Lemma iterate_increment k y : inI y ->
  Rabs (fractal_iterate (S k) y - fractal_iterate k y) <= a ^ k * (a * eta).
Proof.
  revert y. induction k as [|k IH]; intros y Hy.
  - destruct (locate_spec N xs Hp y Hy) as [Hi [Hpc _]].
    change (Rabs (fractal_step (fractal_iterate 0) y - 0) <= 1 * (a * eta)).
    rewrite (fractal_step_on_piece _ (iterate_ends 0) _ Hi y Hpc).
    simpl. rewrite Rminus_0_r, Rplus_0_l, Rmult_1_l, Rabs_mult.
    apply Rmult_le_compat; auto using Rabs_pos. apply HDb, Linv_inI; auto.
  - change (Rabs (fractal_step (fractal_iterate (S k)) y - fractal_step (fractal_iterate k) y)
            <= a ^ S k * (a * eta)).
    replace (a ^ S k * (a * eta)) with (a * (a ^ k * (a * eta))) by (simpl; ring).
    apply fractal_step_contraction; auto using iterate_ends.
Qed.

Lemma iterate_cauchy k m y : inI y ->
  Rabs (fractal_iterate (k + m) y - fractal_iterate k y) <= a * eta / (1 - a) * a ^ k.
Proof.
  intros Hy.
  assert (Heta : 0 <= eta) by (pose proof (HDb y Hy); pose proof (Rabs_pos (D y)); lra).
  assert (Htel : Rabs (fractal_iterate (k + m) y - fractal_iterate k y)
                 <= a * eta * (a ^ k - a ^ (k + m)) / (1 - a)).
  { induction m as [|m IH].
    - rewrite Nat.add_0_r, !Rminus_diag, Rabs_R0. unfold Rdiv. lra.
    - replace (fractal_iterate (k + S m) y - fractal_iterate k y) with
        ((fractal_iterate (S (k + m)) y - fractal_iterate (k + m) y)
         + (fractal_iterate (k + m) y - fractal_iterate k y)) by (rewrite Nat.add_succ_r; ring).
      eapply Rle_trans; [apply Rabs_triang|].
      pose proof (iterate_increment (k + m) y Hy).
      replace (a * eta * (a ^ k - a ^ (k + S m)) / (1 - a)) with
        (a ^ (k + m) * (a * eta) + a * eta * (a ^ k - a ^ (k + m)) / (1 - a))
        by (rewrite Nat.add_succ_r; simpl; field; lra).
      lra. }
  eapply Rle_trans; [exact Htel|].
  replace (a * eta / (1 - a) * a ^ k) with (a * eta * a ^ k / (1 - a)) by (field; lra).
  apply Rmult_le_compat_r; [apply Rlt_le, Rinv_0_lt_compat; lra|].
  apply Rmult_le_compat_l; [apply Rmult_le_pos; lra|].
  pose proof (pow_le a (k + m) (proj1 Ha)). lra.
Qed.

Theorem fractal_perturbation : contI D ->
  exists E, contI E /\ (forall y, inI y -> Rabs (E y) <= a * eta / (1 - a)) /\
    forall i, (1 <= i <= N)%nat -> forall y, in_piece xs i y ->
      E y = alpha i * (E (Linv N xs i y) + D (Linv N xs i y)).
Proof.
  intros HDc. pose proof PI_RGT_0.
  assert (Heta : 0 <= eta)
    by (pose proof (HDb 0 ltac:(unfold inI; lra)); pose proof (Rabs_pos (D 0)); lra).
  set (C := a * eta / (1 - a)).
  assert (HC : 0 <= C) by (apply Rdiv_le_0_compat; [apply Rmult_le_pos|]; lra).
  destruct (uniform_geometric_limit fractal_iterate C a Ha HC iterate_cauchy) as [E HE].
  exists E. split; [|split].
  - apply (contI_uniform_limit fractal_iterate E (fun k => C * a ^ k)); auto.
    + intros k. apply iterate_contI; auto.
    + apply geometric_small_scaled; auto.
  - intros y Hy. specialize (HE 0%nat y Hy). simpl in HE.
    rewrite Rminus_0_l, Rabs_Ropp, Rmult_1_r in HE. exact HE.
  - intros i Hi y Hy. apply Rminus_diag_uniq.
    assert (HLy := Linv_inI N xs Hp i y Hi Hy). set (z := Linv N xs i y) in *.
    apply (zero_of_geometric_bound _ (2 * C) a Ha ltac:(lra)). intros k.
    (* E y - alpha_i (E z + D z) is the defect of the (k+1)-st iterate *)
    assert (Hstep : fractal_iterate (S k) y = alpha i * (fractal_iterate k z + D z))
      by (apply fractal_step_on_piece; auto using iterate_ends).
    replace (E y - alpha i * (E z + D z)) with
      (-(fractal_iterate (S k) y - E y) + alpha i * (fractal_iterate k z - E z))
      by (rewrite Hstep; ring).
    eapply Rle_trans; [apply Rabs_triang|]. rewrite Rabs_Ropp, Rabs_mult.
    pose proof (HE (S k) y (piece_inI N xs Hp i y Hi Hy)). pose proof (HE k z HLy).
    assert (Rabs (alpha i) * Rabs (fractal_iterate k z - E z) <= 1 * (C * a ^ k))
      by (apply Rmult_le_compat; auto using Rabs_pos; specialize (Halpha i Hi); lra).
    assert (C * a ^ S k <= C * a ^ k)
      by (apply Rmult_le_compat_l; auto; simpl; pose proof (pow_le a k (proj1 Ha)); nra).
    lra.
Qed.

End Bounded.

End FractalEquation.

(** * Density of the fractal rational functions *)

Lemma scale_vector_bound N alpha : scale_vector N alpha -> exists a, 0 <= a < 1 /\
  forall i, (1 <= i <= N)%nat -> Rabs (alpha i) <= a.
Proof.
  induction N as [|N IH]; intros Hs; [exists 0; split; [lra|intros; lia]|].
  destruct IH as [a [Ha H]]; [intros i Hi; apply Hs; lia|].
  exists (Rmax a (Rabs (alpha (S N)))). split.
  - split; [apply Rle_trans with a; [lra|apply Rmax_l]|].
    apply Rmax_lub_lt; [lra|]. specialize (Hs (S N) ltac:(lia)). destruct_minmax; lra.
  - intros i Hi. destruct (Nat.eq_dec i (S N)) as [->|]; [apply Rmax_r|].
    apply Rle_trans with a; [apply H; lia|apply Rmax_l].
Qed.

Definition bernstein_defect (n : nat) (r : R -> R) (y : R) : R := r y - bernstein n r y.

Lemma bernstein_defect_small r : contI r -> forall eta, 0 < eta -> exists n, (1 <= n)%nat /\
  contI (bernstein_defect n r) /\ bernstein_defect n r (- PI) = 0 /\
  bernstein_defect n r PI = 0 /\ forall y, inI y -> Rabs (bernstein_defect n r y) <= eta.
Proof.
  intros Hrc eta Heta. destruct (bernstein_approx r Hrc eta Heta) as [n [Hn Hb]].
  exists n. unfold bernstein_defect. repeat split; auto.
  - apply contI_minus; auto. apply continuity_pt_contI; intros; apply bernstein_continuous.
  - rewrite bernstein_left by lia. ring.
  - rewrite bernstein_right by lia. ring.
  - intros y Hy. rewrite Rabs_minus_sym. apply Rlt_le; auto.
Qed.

####################

- _TASK REQUIREMENTS_
Going through the material above, how many lines contain the word "replace"? Write only the number.

- _PROBLEM SOLUTION_
5